(Stored data entries)

________

(* Let [V_k = v(y_k)] be the velocity of particle [k] (with [V_N = vmax], the
   leader) and [w_j = t y_j (V_{j+1} - V_j)].  Since
   [y_j' = - y_j^2 (V_{j+1} - V_j) / l_n], one finds
     [l_n w_j' = y_j ((V_{j+1} - V_j)(l_n - w_j) + P_j w_j - P_{j+1} w_{j+1})]
   with [P_k = y_k v'(y_k)] and [P_N = 0].  Where [w_j >= l_n] we have
   [V_{j+1} > V_j], hence [y_{j+1} < y_j], and (V3) together with [v' <= 0]
   gives [P_j <= P_{j+1} <= 0]; if also [w_{j+1} <= l_n], the right-hand side
   is [<= 0].  As [w_j] vanishes at [t = 0], it can then never exceed [l_n],
   and the bound propagates from the leader backwards, [j = N-1, ..., 0]. *)

From Stdlib Require Import Reals Lra Lia.
Open Scope R_scope.

Lemma continuous_le_at_lub (w : R -> R) (l t0 : R) (S : R -> Prop) :
  continuity_pt w t0 -> (forall s, S s -> w s <= l) -> is_lub S t0 -> w t0 <= l.
Proof.
  intros Hc HS [Hub Hlub].
  destruct (Rle_or_lt (w t0) l) as [Hle | Hgt]; [exact Hle | exfalso].
  destruct (Hc (w t0 - l)) as [alpha [Halpha Hnear]]; [lra |].
  enough (t0 <= t0 - alpha) by lra.
  apply Hlub; intros s Hs.
  pose proof (Hub s Hs); pose proof (HS s Hs).
  destruct (Rle_or_lt s (t0 - alpha)) as [Hfar | Hclose]; [exact Hfar | exfalso].
  destruct (Req_dec s t0) as [-> | Hne]; [lra |].
  assert (Hw : Rabs (w s - w t0) < w t0 - l).
  { apply Hnear; split; [split; [exact I | auto] |].
    simpl; unfold R_dist; rewrite Rabs_left1; lra. }
  apply Rabs_def2 in Hw; lra.
Qed.

Lemma le_of_deriv_nonpos_above (w dw : R -> R) (l : R) :
  (forall t, 0 < t -> derivable_pt_lim w t (dw t)) ->
  (forall t, 0 < t -> l <= w t -> dw t <= 0) ->
  (exists delta, 0 < delta /\ forall s, 0 < s < delta -> w s < l) ->
  forall t, 0 < t -> w t <= l.
Proof.
  intros Hd Hneg [delta [Hdelta Hsmall]] t1 Ht1.
  destruct (Rle_or_lt (w t1) l) as [Hle | Hgt]; [exact Hle | exfalso].
  set (S := fun s => 0 < s <= t1 /\ w s <= l).
  set (s0 := Rmin (delta / 2) t1).
  assert (Hs0 : 0 < s0) by (apply Rmin_glb_lt; lra).
  assert (HS0 : S s0).
  { assert (s0 <= delta / 2) by apply Rmin_l.
    split; [split; [lra | apply Rmin_r] | left; apply Hsmall; lra]. }
  destruct (completeness S) as [t0 Ht0]; [exists t1; intros s Hs; apply Hs | now exists s0 |].
  assert (Hs0t0 : s0 <= t0) by (apply Ht0; exact HS0).
  assert (Ht0t1 : t0 <= t1) by (apply Ht0; intros s Hs; apply Hs).
  assert (Hwt0 : w t0 <= l).
  { apply (continuous_le_at_lub w l t0 S); [| intros s Hs; apply Hs | exact Ht0].
    apply derivable_continuous_pt; exists (dw t0); apply Hd; lra. }
  assert (Ht0lt : t0 < t1) by (destruct Ht0t1 as [? | ->]; lra).
  (* on ]t0, t1] the function stays above l, so it cannot increase there *)
  destruct (MVT_cor2 w dw t0 t1) as [c [Hmvt Hc]]; [lra | intros c Hc; apply Hd; lra |].
  assert (Hwc : l <= w c).
  { destruct (Rle_or_lt l (w c)) as [Hle | Hlt]; [exact Hle |].
    enough (c <= t0) by lra. apply Ht0; split; lra. }
  pose proof (Hneg c ltac:(lra) Hwc).
  assert (dw c * (t1 - t0) <= 0) by nra.
  lra.
Qed.

Lemma lt_near_0_of_le_linear (w : R -> R) (l : R) :
  0 < l ->
  (exists delta C, 0 < delta /\ 0 <= C /\ forall s, 0 < s < delta -> w s <= C * s) ->
  exists delta, 0 < delta /\ forall s, 0 < s < delta -> w s < l.
Proof.
  intros Hl [delta [C [Hdelta [HC Hlin]]]].
  exists (Rmin delta (l / (C + 1))); split.
  { apply Rmin_glb_lt; [lra | apply Rdiv_lt_0_compat; lra]. }
  intros s [Hs Hsd].
  assert (s < delta) by (eapply Rlt_le_trans; [exact Hsd | apply Rmin_l]).
  assert (Hsl : s < l / (C + 1)) by (eapply Rlt_le_trans; [exact Hsd | apply Rmin_r]).
  assert (s * (C + 1) < l) by (apply Rmult_lt_reg_r with (/ (C + 1));
    [apply Rinv_0_lt_compat; lra | rewrite Rmult_assoc, Rinv_r; lra]).
  specialize (Hlin s ltac:(lra)). nra.
Qed.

________

■ Task
The answer should be the entries, given again without a single difference.

■ Result for this exercise
(* Let [V_k = v(y_k)] be the velocity of particle [k] (with [V_N = vmax], the
   leader) and [w_j = t y_j (V_{j+1} - V_j)].  Since
   [y_j' = - y_j^2 (V_{j+1} - V_j) / l_n], one finds
     [l_n w_j' = y_j ((V_{j+1} - V_j)(l_n - w_j) + P_j w_j - P_{j+1} w_{j+1})]
   with [P_k = y_k v'(y_k)] and [P_N = 0].  Where [w_j >= l_n] we have
   [V_{j+1} > V_j], hence [y_{j+1} < y_j], and (V3) together with [v' <= 0]
   gives [P_j <= P_{j+1} <= 0]; if also [w_{j+1} <= l_n], the right-hand side
   is [<= 0].  As [w_j] vanishes at [t = 0], it can then never exceed [l_n],
   and the bound propagates from the leader backwards, [j = N-1, ..., 0]. *)

From Stdlib Require Import Reals Lra Lia.
Open Scope R_scope.

Lemma continuous_le_at_lub (w : R -> R) (l t0 : R) (S : R -> Prop) :
  continuity_pt w t0 -> (forall s, S s -> w s <= l) -> is_lub S t0 -> w t0 <= l.
Proof.
  intros Hc HS [Hub Hlub].
  destruct (Rle_or_lt (w t0) l) as [Hle | Hgt]; [exact Hle | exfalso].
  destruct (Hc (w t0 - l)) as [alpha [Halpha Hnear]]; [lra |].
  enough (t0 <= t0 - alpha) by lra.
  apply Hlub; intros s Hs.
  pose proof (Hub s Hs); pose proof (HS s Hs).
  destruct (Rle_or_lt s (t0 - alpha)) as [Hfar | Hclose]; [exact Hfar | exfalso].
  destruct (Req_dec s t0) as [-> | Hne]; [lra |].
  assert (Hw : Rabs (w s - w t0) < w t0 - l).
  { apply Hnear; split; [split; [exact I | auto] |].
    simpl; unfold R_dist; rewrite Rabs_left1; lra. }
  apply Rabs_def2 in Hw; lra.
Qed.

Lemma le_of_deriv_nonpos_above (w dw : R -> R) (l : R) :
  (forall t, 0 < t -> derivable_pt_lim w t (dw t)) ->
  (forall t, 0 < t -> l <= w t -> dw t <= 0) ->
  (exists delta, 0 < delta /\ forall s, 0 < s < delta -> w s < l) ->
  forall t, 0 < t -> w t <= l.
Proof.
  intros Hd Hneg [delta [Hdelta Hsmall]] t1 Ht1.
  destruct (Rle_or_lt (w t1) l) as [Hle | Hgt]; [exact Hle | exfalso].
  set (S := fun s => 0 < s <= t1 /\ w s <= l).
  set (s0 := Rmin (delta / 2) t1).
  assert (Hs0 : 0 < s0) by (apply Rmin_glb_lt; lra).
  assert (HS0 : S s0).
  { assert (s0 <= delta / 2) by apply Rmin_l.
    split; [split; [lra | apply Rmin_r] | left; apply Hsmall; lra]. }
  destruct (completeness S) as [t0 Ht0]; [exists t1; intros s Hs; apply Hs | now exists s0 |].
  assert (Hs0t0 : s0 <= t0) by (apply Ht0; exact HS0).
  assert (Ht0t1 : t0 <= t1) by (apply Ht0; intros s Hs; apply Hs).
  assert (Hwt0 : w t0 <= l).
  { apply (continuous_le_at_lub w l t0 S); [| intros s Hs; apply Hs | exact Ht0].
    apply derivable_continuous_pt; exists (dw t0); apply Hd; lra. }
  assert (Ht0lt : t0 < t1) by (destruct Ht0t1 as [? | ->]; lra).
  (* on ]t0, t1] the function stays above l, so it cannot increase there *)
  destruct (MVT_cor2 w dw t0 t1) as [c [Hmvt Hc]]; [lra | intros c Hc; apply Hd; lra |].
  assert (Hwc : l <= w c).
  { destruct (Rle_or_lt l (w c)) as [Hle | Hlt]; [exact Hle |].
    enough (c <= t0) by lra. apply Ht0; split; lra. }
  pose proof (Hneg c ltac:(lra) Hwc).
  assert (dw c * (t1 - t0) <= 0) by nra.
  lra.
Qed.

Lemma lt_near_0_of_le_linear (w : R -> R) (l : R) :
  0 < l ->
  (exists delta C, 0 < delta /\ 0 <= C /\ forall s, 0 < s < delta -> w s <= C * s) ->
  exists delta, 0 < delta /\ forall s, 0 < s < delta -> w s < l.
Proof.
  intros Hl [delta [C [Hdelta [HC Hlin]]]].
  exists (Rmin delta (l / (C + 1))); split.
  { apply Rmin_glb_lt; [lra | apply Rdiv_lt_0_compat; lra]. }
  intros s [Hs Hsd].
  assert (s < delta) by (eapply Rlt_le_trans; [exact Hsd | apply Rmin_l]).
  assert (Hsl : s < l / (C + 1)) by (eapply Rlt_le_trans; [exact Hsd | apply Rmin_r]).
  assert (s * (C + 1) < l) by (apply Rmult_lt_reg_r with (/ (C + 1));
    [apply Rinv_0_lt_compat; lra | rewrite Rmult_assoc, Rinv_r; lra]).
  specialize (Hlin s ltac:(lra)). nra.
Qed.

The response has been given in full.